Hello!
I am using dask from Prefect 2, via dask_kubernetes.KubeCluster. My cluster is on EKS, and I have karpenter running to handle auto-scaling.
I followed these instructions to ask dask to schedule my pod on a GPU-accelerated node.

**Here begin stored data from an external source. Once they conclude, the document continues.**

Lemma increment_by_partials f y v (t : R) :
  (forall z, `|z - y| <= `|t| * `|v| -> forall i, derivable f z (ev R i)) ->
  exists2 xi : 'I_d -> 'rV[R]_d, (forall k, `|xi k - y| <= `|t| * `|v|) &
    f (t *: v + y) - f y = \sum_k t * v 0 k * partial k f (xi k).
Proof.
move=> df; pose z k := t *: row_take k v + y.
have step (k : 'I_d) : exists x, `|x - y| <= `|t| * `|v| /\
    f (z k.+1) - f (z k) = t * v 0 k * partial k f x.
  pose near_y s := s *: ev R k + z k.
  have near_yP s : `|s| <= `|t * v 0 k| -> `|near_y s - y| <= `|t| * `|v|.
    by move=> sk; rewrite /near_y /z addrA addrK mx_norm_scale_row_take.
  have [|c ck Hc] := @MVT_line R _ f (z k) (ev R k) (t * v 0 k) (fun s => partial k f (near_y s)).
    by move=> s sk; apply/derivableP/df/near_yP.
  exists (near_y c); split; first exact: near_yP.
  by rewrite -mulrC -Hc /z row_takeS scalerDr scalerA addrA.
have [xi Hxi] := choice step.
exists xi => [k|]; first by have [] := Hxi k.
have -> : f (t *: v + y) - f y = f (z d) - f (z 0%N).
  by rewrite /z row_take_all row_take0 scaler0 add0r.
rewrite -(telescope_sumr (fun k => f (z k))) // big_mkord.
by apply: eq_bigr => k _; have [] := Hxi k.
Qed.

Lemma partials_near_ball f y (e : R) : 0 < e ->
  (\forall z \near y, forall i, derivable f z (ev R i)) ->
  (forall i, {for y, continuous (partial i f)}) ->
  exists2 del : R, 0 < del & forall z, `|z - y| < del ->
    (forall i, derivable f z (ev R i)) /\ (forall i, `|partial i f y - partial i f z| <= e).
Proof.
move=> e0 df cf.
have near_cont : \forall z \near y, forall i, `|partial i f y - partial i f z| <= e.
  apply: (@filter_forall _ 'I_d (fun i z => `|partial i f y - partial i f z| <= e)
    (nbhs y) _) => i.
  by move: (cf i) => /(@cvgrPdist_le _ _ _ _ (nbhs_filter y)) /(_ e e0).
have /(nbhs_ballP _ _).1 [del del0 Hdel] : \forall z \near y,
    (forall i, derivable f z (ev R i)) /\ (forall i, `|partial i f y - partial i f z| <= e).
  by apply: filterS2 df near_cont => z ? ?; split.
exists del => // z zy; apply: Hdel.
by rewrite mx_norm_ball /ball_ /= distrC.
Qed.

When I run my task, the pod is created and karpenter starts up a new GPU-accelerated node – so far so good!
However, the created node doesn’t include the right labels / annotations and the dask pod remains unscheduleable.

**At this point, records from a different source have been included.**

Definition mpoly (u : mono m) : poly m := [set u].
Definition pzero : poly m := set0.
Definition pone : poly m := [set set0].
Definition pvar (i : 'I_m) : poly m := [set [set i]].
Definition pcst (b : bool) : poly m := if b then pone else pzero.
Definition padd (p q : poly m) : poly m := (p :\: q) :|: (q :\: p).
(* multiplication in R_m : x_S * x_T = x_{S u T}, coefficients mod 2 *)
Definition pmul (p q : poly m) : poly m :=
  [set S | odd #|[set ab in setX p q | ab.1 :|: ab.2 == S]|].

Definition lta_t := ('M[bool]_m * {ffun 'I_m -> bool})%type.

Definition is_LTA (a : lta_t) : bool :=
  [forall i : 'I_m, forall j : 'I_m,
     ((i == j) ==> a.1 i j) && ((i < j) ==> ~~ a.1 i j)].

Definition in_LTA_g (g : mono m) (a : lta_t) : bool :=
  [&& is_LTA a,
      [forall i : 'I_m, (i \notin g) ==> ~~ a.2 i] &
      [forall i : 'I_m, forall j : 'I_m,
         ((j < i) && ((i \notin g) || (j \in g))) ==> ~~ a.1 i j]].

Definition aff_img (a : lta_t) (i : 'I_m) : poly m :=
  padd (padd (pvar i)
             (\big[padd/pzero]_(j : 'I_m | (j < i) && a.1 i j) pvar j))
       (pcst (a.2 i)).

Definition lta_act (a : lta_t) (u : mono m) : poly m :=
  \big[pmul/pone]_(i <- enum u) aff_img a i.

Definition lta_orbit (g u : mono m) : {set poly m} :=
  [set lta_act a u | a in [set a : lta_t | in_LTA_g g a]].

The pod reports: “0/4 nodes are available: 1 Insufficient memory, 2 Insufficient cpu, 4 Insufficient nvidia.com/gpu”; I’ll include the node labels below.
I realise this might be more a karpenter question (I’ll ask there too), but does someone have guidance for how to use KubeCluster and karpenter together for GPU-enabled nodes?
Thanks!
PS the node karpenter starts has these labels:
beta.kubernetes.io/arch=amd64
beta.kubernetes.io/instance-type=g4dn.xlarge
beta.kubernetes.io/os=linux
failure-domain.beta.kubernetes.io/region=us-east-1
failure-domain.beta.kubernetes.io/zone=us-east-1a
k8s.io/cloud-provider-aws=9f7e64553201daa2383d7a15eb9f3857
karpenter.k8s.aws/instance-category=g
karpenter.k8s.aws/instance-cpu=4
karpenter.k8s.aws/instance-family=g4dn
karpenter.k8s.aws/instance-generation=4
karpenter.k8s.aws/instance-gpu-count=1
karpenter.k8s.aws/instance-gpu-manufacturer=nvidia
karpenter.k8s.aws/instance-gpu-memory=16384
karpenter.k8s.aws/instance-gpu-name=t4
karpenter.k8s.aws/instance-hypervisor=nitro
karpenter.k8s.aws/instance-local-nvme=125
karpenter.k8s.aws/instance-memory=16384
karpenter.k8s.aws/instance-pods=29
karpenter.k8s.aws/instance-size=xlarge
karpenter.sh/capacity-type=spot
karpenter.sh/provisioner-name=default
kubernetes.io/arch=amd64
kubernetes.io/hostname=ip-192-168-10-195.ec2.internal
kubernetes.io/os=linux
node.kubernetes.io/instance-type=g4dn.xlarge
topology.kubernetes.io/region=us-east-1
topology.kubernetes.io/zone=us-east-1a